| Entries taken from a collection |
________________

(* Periodicity gives f_1^(k m) = g^k, so transitivity, periodic points and
   sensitivity of (X, g) are inherited by the non-autonomous system along the
   times k m.  Sensitivity of g is the theorem of Banks, Brooks, Cairns, Davis
   and Stacey: dense periodic points in an infinite space yield two periodic
   orbits of g at positive distance 8 delta, so every point x is 4 delta-far
   from some periodic orbit.
   Near x lie a periodic point p of period n and, by transitivity, a point y
   whose orbit shadows that far orbit for n steps; at the next multiple of n
   the point p has returned next to x while g^(n j) y is 2 delta-far from p, so
   g^(n j) x is delta-far from one of them. *)
From Pilot Require Import Defs.
From Stdlib Require Import Reals List Lra Lia Classical.
Open Scope R_scope.

Section Dynamics.
Variable M : MetricSpace.
Local Notation dist := (Defs.dist M).

Lemma ncomp_autonomous (g : M -> M) n x :
  ncomp M (autonomous M g) n x = Nat.iter n g x.
Proof. induction n as [|n IH]; simpl; [reflexivity | now rewrite IH]. Qed.

Lemma ncomp_ext (f1 f2 : nat -> M -> M) n x :
  (forall i, (1 <= i)%nat -> f1 i = f2 i) -> ncomp M f1 n x = ncomp M f2 n x.
Proof.
  intros Hf; induction n as [|n IH]; simpl; [reflexivity|].
  rewrite IH, Hf by lia; reflexivity.
Qed.

Lemma ncomp_add (f : nat -> M -> M) a b x :
  ncomp M f (a + b) x = ncomp M (fun i => f (a + i)%nat) b (ncomp M f a x).
Proof.
  induction b as [|b IH]; simpl.
  - now rewrite Nat.add_0_r.
  - rewrite <- plus_n_Sm; simpl; now rewrite IH.
Qed.

Lemma periodic_seq_shift (f : nat -> M -> M) m :
  periodic_seq M f m -> forall j i, (1 <= i)%nat -> f (i + j * m)%nat = f i.
Proof.
  intros Hper j; induction j as [|j IH]; intros i Hi.
  - now rewrite Nat.add_0_r.
  - replace (i + S j * m)%nat with (i + j * m + m)%nat by lia.
    rewrite Hper by lia; now apply IH.
Qed.

Lemma continuous_id : continuous M (fun x => x).
Proof. intros x e He; exists e; auto. Qed.

Lemma continuous_comp (h1 h2 : M -> M) :
  continuous M h1 -> continuous M h2 -> continuous M (fun x => h2 (h1 x)).
Proof.
  intros C1 C2 x e He.
  destruct (C2 (h1 x) e He) as [d2 [Hd2 P2]].
  destruct (C1 x d2 Hd2) as [d1 [Hd1 P1]].
  exists d1; auto.
Qed.

Lemma continuous_ncomp (f : nat -> M -> M) :
  (forall n, (1 <= n)%nat -> continuous M (f n)) -> forall n, continuous M (ncomp M f n).
Proof.
  intros Hf n; induction n as [|n IH]; [apply continuous_id|].
  apply (continuous_comp _ (f (S n))); [exact IH | apply Hf; lia].
Qed.

Lemma continuous_iter (g : M -> M) n : continuous M g -> continuous M (Nat.iter n g).
Proof.
  intros Hg; induction n as [|n IH]; [apply continuous_id|].
  exact (continuous_comp _ g IH Hg).
Qed.

Lemma dist_self (x : M) : dist x x = 0.
Proof. now apply Defs.dist_eq0. Qed.

Lemma dist_pos (x y : M) : x <> y -> 0 < dist x y.
Proof.
  intros Hxy; destruct (Defs.dist_nonneg M x y) as [H|H]; [exact H|].
  now apply eq_sym, Defs.dist_eq0 in H.
Qed.

Lemma is_open_ball (z : M) r : is_open M (fun w => dist z w < r).
Proof.
  intros w Hw; exists (r - dist z w); split; [lra|].
  intros y Hy; pose proof (Defs.dist_tri M z w y); lra.
Qed.

Lemma is_open_preimage (h : M -> M) U :
  continuous M h -> is_open M U -> is_open M (fun w => U (h w)).
Proof.
  intros Hh HU w Uw.
  destruct (HU (h w) Uw) as [e [He Pe]].
  destruct (Hh w e He) as [r [Hr Pr]].
  exists r; auto.
Qed.

Lemma is_open_forall_le (U : nat -> M -> Prop) n :
  (forall i, (i <= n)%nat -> is_open M (U i)) ->
  is_open M (fun w => forall i, (i <= n)%nat -> U i w).
Proof.
  induction n as [|n IH]; intros HU w Uw.
  - destruct (HU 0%nat (le_n _) w (Uw 0%nat (le_n _))) as [e [He Pe]].
    exists e; split; [exact He|].
    intros y Hy i Hi; replace i with 0%nat by lia; auto.
  - destruct (IH (fun i Hi => HU i (le_S _ _ Hi)) w (fun i Hi => Uw i (le_S _ _ Hi)))
      as [e1 [He1 P1]].
    destruct (HU (S n) (le_n _) w (Uw _ (le_n _))) as [e2 [He2 P2]].
    exists (Rmin e1 e2); split; [now apply Rmin_pos|].
    intros y Hy i Hi.
    pose proof (Rmin_l e1 e2); pose proof (Rmin_r e1 e2).
    destruct (Nat.eq_dec i (S n)) as [->|Hne].
    + apply P2; lra.
    + apply P1; [lra | lia].
Qed.

Lemma list_pos_min {A : Type} (l : list A) (a : A -> R) :
  (forall u, In u l -> 0 < a u) -> exists e, 0 < e /\ forall u, In u l -> e <= a u.
Proof.
  induction l as [|u0 l IH]; intros Hpos.
  - exists 1; split; [lra | intros u []].
  - destruct IH as [e [He Pe]]; [intros u Hu; apply Hpos; now right|].
    exists (Rmin e (a u0)); split; [apply Rmin_pos; auto; apply Hpos; now left|].
    intros u [<-|Hu]; [apply Rmin_r|].
    eapply Rle_trans; [apply Rmin_l | auto].
Qed.

Lemma infinite_space_not_in : infinite_space M -> forall l : list M, exists z, ~ In z l.
Proof.
  intros Hinf l; apply not_all_ex_not; intros Hall.
  apply Hinf; now exists l.
Qed.

Definition has_period (g : M -> M) (N : nat) (q : M) : Prop :=
  (1 <= N)%nat /\ Nat.iter N g q = q.

Definition orbit (g : M -> M) (N : nat) (q : M) : list M :=
  map (fun i => Nat.iter i g q) (seq 0 N).

Section PeriodicOrbits.
Variable g : M -> M.

Lemma iter_period_mul N q k : Nat.iter N g q = q -> Nat.iter (N * k) g q = q.
Proof.
  intros Hq; induction k as [|k IH]; [now rewrite Nat.mul_0_r|].
  now rewrite Nat.mul_succ_r, Nat.add_comm, Nat.iter_add, IH, Hq.
Qed.

Lemma has_period_of_periodic_point q :
  periodic_point M (autonomous M g) q -> exists N, has_period g N q.
Proof.
  intros [N [HN Hq]]; exists N; split; [exact HN|].
  rewrite <- ncomp_autonomous, <- (Nat.mul_1_r N); apply Hq.
Qed.

Lemma iter_in_orbit N q : has_period g N q -> forall t, In (Nat.iter t g q) (orbit g N q).
Proof.
  intros [HN Hq] t.
  rewrite (Nat.div_mod_eq t N), Nat.add_comm, Nat.iter_add, (iter_period_mul N q _ Hq).
  apply (in_map (fun i => Nat.iter i g q)), in_seq; pose proof (Nat.mod_upper_bound t N); lia.
Qed.

Lemma periodic_return N q :
  has_period g N q -> forall s, exists u, Nat.iter u g (Nat.iter s g q) = q.
Proof.
  intros [HN Hq] s; exists (N * s - s)%nat.
  rewrite <- Nat.iter_add; rewrite <- (iter_period_mul N q s Hq) at 2.
  f_equal; nia.
Qed.

Lemma periodic_point_near :
  dense M (periodic_point M (autonomous M g)) ->
  forall z r, 0 < r -> exists q N, has_period g N q /\ dist z q < r.
Proof.
  intros Hdense z r Hr.
  destruct (Hdense (fun w => dist z w < r)) as [q [Hzq Hq]].
  - apply is_open_ball.
  - exists z; now rewrite dist_self.
  - destruct (has_period_of_periodic_point q Hq) as [N HN]; now exists q, N.
Qed.

Lemma separated_periodic_orbits :
  infinite_space M -> dense M (periodic_point M (autonomous M g)) ->
  exists q1 N1 q2 N2 d0, has_period g N1 q1 /\ has_period g N2 q2 /\ 0 < d0 /\
    forall t s, d0 <= dist (Nat.iter t g q1) (Nat.iter s g q2).
Proof.
  intros Hinf Hdense.
  destruct (infinite_space_not_in Hinf nil) as [z0 _].
  destruct (periodic_point_near Hdense z0 1 Rlt_0_1) as [q1 [N1 [HN1 _]]].
  destruct (infinite_space_not_in Hinf (orbit g N1 q1)) as [z Hz].
  destruct (list_pos_min (orbit g N1 q1) (dist z)) as [r [Hr Pr]].
  { intros u Hu; apply dist_pos; intros ->; contradiction. }
  destruct (periodic_point_near Hdense z r Hr) as [q2 [N2 [HN2 Hzq2]]].
  assert (Hdisjoint : forall t s, Nat.iter t g q1 <> Nat.iter s g q2).
  { intros t s E.
    destruct (periodic_return N2 q2 HN2 s) as [u Hu].
    rewrite <- E, <- Nat.iter_add in Hu.
    pose proof (iter_in_orbit N1 q1 HN1 (u + t)) as Hin; rewrite Hu in Hin.
    pose proof (Pr q2 Hin); lra. }
  destruct (list_pos_min (list_prod (orbit g N1 q1) (orbit g N2 q2))
              (fun uv => dist (fst uv) (snd uv))) as [d0 [Hd0 P0]].
  { intros [u v] [Hu Hv]%in_prod_iff.
    apply in_map_iff in Hu as [t [<- _]]; apply in_map_iff in Hv as [s [<- _]].
    apply dist_pos, Hdisjoint. }
  exists q1, N1, q2, N2, d0; do 3 (split; [assumption|]).
  intros t s; apply (P0 (_, _)), in_prod; now apply iter_in_orbit.
Qed.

________________

| Try it |
Beginning at the top of the entries above, output each line exactly, and end with the line in which "g^(n j) x is" appears.

| Solution to this exercise |
(* Periodicity gives f_1^(k m) = g^k, so transitivity, periodic points and
   sensitivity of (X, g) are inherited by the non-autonomous system along the
   times k m.  Sensitivity of g is the theorem of Banks, Brooks, Cairns, Davis
   and Stacey: dense periodic points in an infinite space yield two periodic
   orbits of g at positive distance 8 delta, so every point x is 4 delta-far
   from some periodic orbit.
   Near x lie a periodic point p of period n and, by transitivity, a point y
   whose orbit shadows that far orbit for n steps; at the next multiple of n
   the point p has returned next to x while g^(n j) y is 2 delta-far from p, so
   g^(n j) x is delta-far from one of them. *)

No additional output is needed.